**WHAT YOU HAVE TO DO**
Only lines holding the word "assumption" are needed; copy each of them from the material.

**EXTRACTED DATA**
===============

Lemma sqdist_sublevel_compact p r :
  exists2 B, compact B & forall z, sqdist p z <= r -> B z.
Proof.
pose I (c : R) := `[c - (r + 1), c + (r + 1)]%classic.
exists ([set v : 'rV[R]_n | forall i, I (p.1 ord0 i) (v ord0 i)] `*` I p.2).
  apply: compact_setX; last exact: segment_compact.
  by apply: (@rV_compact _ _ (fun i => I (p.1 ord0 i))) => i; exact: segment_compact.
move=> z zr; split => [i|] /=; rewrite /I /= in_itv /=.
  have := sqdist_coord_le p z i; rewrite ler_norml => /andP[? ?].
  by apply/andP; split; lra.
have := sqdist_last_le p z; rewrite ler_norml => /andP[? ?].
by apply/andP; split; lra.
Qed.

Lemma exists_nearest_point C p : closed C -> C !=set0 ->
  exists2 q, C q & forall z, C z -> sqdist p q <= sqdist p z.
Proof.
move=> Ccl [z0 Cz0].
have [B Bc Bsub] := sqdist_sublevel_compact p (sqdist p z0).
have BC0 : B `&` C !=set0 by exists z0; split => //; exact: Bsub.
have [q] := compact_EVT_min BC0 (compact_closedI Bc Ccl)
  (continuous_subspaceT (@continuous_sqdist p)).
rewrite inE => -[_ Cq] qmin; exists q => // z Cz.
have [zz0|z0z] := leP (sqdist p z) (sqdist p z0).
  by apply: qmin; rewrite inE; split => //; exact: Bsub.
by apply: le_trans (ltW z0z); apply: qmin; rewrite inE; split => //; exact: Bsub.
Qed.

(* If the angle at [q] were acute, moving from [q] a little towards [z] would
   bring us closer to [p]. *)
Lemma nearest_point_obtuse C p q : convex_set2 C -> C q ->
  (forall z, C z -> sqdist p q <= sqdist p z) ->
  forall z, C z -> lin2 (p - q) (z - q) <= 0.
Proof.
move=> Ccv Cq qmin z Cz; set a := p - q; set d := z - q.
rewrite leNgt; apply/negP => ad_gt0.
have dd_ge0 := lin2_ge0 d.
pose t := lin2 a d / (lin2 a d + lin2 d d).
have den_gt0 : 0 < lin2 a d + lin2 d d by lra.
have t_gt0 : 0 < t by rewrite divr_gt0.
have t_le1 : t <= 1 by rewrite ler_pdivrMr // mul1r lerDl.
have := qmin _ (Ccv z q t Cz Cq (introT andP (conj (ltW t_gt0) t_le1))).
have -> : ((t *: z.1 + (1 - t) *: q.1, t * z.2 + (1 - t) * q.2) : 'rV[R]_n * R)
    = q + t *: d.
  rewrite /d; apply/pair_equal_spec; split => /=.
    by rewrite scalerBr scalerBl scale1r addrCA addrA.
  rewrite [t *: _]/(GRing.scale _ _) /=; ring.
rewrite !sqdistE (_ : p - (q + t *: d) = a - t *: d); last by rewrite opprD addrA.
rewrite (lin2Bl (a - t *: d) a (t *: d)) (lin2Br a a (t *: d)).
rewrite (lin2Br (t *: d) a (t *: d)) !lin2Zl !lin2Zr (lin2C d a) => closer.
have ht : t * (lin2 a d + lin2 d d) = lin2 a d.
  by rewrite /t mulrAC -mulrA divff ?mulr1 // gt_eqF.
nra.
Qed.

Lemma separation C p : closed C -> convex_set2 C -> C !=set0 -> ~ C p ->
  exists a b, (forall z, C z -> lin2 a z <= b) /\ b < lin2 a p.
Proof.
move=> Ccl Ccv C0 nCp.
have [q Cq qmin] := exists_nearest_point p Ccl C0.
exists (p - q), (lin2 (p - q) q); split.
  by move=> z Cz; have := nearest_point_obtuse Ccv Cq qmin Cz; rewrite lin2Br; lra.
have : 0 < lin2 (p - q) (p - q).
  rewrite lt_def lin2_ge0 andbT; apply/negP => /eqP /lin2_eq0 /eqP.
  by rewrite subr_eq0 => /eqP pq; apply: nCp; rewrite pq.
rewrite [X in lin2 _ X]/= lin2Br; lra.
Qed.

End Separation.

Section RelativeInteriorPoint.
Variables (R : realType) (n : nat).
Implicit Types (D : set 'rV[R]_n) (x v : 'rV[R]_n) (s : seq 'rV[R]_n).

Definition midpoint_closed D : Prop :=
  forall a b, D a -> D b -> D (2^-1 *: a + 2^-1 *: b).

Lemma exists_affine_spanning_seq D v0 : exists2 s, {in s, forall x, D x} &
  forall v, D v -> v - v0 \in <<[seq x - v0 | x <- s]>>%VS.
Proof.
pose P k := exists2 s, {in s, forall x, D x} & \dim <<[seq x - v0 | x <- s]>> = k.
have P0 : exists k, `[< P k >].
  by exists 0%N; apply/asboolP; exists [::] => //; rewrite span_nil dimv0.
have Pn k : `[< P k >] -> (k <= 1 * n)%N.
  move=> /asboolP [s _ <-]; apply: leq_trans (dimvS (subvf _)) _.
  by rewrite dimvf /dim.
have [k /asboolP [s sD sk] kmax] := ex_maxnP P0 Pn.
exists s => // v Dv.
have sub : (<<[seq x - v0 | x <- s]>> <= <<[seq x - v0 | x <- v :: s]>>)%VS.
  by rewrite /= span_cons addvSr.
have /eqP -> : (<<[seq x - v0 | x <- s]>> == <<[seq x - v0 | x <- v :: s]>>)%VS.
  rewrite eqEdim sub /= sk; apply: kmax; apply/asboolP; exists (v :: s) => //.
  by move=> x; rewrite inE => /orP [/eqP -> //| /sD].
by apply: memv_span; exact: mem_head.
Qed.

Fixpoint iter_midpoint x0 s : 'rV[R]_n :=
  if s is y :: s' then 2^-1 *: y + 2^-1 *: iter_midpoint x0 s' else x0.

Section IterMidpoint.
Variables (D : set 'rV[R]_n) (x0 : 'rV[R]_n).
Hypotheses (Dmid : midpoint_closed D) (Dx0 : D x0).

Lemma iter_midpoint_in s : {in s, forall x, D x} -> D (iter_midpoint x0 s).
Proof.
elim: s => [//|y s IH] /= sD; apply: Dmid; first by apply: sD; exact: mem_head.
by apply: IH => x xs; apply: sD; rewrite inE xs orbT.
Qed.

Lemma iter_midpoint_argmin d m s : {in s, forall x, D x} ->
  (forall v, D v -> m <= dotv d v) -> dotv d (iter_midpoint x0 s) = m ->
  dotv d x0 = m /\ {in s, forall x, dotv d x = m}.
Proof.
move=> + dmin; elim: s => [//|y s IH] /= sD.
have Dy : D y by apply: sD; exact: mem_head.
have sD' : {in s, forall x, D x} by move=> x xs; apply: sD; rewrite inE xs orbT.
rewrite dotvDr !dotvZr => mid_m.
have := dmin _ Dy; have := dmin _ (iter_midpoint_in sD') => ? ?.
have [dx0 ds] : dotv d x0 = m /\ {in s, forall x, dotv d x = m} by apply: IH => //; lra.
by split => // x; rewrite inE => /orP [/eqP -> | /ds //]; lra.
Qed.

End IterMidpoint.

===============

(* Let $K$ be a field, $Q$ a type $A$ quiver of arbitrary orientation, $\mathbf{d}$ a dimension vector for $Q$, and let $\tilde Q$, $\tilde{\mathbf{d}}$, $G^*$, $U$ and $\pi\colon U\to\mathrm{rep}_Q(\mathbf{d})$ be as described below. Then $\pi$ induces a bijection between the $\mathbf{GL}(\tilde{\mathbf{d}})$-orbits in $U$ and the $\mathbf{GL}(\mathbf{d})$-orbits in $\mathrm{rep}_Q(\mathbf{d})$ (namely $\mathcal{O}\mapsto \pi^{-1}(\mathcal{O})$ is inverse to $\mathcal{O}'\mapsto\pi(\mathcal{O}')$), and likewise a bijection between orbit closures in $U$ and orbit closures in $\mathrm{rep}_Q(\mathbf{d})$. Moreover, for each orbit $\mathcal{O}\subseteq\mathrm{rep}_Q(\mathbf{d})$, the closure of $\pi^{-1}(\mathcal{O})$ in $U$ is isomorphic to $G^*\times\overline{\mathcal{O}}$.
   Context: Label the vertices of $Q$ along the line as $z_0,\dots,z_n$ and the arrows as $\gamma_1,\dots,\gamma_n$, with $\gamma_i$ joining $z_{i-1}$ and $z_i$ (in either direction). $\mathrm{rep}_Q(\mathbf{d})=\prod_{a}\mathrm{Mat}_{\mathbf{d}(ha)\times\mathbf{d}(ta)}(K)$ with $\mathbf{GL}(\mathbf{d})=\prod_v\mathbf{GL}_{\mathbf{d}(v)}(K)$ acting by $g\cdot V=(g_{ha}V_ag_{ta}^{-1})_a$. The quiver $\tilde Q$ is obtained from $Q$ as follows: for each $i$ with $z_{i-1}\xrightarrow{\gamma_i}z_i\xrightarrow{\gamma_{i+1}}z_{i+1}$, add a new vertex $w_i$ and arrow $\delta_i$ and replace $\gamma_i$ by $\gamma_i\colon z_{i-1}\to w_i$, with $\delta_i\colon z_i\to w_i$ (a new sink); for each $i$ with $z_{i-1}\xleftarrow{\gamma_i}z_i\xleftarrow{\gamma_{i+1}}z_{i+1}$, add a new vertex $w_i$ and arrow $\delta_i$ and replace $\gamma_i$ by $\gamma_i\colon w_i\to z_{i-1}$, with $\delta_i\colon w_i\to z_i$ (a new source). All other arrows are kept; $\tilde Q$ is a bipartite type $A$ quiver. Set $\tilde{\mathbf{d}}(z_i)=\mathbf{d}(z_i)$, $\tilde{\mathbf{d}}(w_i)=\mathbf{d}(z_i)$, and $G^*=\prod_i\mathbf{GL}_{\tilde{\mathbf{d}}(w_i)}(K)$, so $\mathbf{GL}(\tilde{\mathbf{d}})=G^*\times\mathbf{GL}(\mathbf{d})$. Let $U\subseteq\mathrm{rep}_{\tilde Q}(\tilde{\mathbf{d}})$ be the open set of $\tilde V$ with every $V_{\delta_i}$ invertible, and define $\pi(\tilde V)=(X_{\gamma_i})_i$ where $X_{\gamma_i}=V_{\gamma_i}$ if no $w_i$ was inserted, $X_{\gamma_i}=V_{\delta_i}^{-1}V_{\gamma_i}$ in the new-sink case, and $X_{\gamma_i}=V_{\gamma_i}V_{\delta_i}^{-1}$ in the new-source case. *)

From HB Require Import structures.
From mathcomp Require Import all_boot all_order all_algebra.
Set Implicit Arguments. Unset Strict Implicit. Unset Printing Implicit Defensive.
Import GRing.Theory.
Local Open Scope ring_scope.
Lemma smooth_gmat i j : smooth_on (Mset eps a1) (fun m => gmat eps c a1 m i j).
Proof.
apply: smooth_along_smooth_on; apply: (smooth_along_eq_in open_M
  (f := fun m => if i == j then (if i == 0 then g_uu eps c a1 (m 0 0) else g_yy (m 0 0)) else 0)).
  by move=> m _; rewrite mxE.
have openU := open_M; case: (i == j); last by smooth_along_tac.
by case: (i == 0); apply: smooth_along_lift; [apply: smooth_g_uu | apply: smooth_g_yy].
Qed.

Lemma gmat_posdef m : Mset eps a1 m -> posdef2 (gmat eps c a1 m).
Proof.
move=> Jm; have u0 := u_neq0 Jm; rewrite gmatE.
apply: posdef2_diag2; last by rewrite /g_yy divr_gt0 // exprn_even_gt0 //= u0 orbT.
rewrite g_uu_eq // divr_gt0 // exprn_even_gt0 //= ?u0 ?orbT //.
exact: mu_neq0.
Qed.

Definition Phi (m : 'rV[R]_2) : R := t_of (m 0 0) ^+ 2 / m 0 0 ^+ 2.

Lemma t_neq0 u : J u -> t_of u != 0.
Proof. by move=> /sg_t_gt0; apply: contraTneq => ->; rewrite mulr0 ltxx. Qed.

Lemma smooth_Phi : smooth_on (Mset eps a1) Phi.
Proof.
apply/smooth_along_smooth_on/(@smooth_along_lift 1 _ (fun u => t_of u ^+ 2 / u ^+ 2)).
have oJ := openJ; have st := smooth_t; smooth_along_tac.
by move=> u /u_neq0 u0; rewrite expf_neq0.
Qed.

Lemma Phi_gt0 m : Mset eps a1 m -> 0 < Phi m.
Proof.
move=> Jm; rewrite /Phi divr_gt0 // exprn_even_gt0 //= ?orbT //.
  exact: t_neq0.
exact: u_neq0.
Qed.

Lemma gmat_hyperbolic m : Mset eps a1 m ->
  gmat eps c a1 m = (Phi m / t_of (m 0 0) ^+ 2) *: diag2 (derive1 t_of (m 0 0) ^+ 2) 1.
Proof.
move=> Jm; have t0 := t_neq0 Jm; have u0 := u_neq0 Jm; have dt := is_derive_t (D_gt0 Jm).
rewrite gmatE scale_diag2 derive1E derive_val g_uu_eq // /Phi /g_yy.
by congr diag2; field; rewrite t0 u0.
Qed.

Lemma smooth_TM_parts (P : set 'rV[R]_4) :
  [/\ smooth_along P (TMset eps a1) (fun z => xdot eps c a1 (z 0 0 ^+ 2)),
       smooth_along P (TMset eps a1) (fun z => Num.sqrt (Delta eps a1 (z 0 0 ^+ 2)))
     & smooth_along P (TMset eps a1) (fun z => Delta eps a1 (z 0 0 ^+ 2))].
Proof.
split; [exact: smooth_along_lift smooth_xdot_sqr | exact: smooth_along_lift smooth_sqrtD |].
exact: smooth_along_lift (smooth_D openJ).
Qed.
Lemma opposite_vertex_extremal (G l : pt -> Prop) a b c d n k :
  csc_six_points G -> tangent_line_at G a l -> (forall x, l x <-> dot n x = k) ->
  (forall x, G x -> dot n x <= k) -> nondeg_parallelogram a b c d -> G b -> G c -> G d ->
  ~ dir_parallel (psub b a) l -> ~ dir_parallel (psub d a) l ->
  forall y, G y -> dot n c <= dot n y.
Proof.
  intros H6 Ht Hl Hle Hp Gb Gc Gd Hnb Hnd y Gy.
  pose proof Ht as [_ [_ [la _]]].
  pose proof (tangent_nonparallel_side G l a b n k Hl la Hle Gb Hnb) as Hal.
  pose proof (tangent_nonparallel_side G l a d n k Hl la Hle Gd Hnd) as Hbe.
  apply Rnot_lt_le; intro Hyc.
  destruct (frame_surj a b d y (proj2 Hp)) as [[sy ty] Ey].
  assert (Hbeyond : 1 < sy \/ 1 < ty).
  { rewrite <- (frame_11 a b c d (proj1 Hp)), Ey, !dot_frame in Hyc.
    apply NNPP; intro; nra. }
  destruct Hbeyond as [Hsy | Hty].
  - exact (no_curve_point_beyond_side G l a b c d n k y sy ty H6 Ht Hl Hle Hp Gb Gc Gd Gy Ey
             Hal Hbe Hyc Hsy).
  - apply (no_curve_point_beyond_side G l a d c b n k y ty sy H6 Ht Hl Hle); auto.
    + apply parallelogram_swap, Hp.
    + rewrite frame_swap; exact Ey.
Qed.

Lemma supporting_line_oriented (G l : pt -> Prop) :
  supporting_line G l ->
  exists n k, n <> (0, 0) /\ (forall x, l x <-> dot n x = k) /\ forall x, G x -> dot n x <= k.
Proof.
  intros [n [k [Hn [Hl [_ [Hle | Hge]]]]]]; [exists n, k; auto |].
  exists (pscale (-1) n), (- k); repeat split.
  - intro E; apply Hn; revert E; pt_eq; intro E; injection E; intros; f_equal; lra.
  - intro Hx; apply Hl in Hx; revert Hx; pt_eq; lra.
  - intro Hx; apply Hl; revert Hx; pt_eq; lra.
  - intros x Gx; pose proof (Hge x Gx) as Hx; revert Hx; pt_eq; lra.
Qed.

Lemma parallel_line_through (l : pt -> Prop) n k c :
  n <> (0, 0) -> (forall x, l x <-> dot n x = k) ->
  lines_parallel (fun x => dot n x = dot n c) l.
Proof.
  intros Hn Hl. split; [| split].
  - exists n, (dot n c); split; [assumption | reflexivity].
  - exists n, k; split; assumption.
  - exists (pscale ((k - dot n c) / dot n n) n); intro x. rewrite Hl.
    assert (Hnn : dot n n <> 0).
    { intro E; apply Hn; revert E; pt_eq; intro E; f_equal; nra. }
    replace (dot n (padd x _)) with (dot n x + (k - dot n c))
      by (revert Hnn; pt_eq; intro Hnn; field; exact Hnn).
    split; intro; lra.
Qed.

===============

**SOLUTION**
  - exists n, (dot n c); split; [assumption | reflexivity].
  - exists n, k; split; assumption.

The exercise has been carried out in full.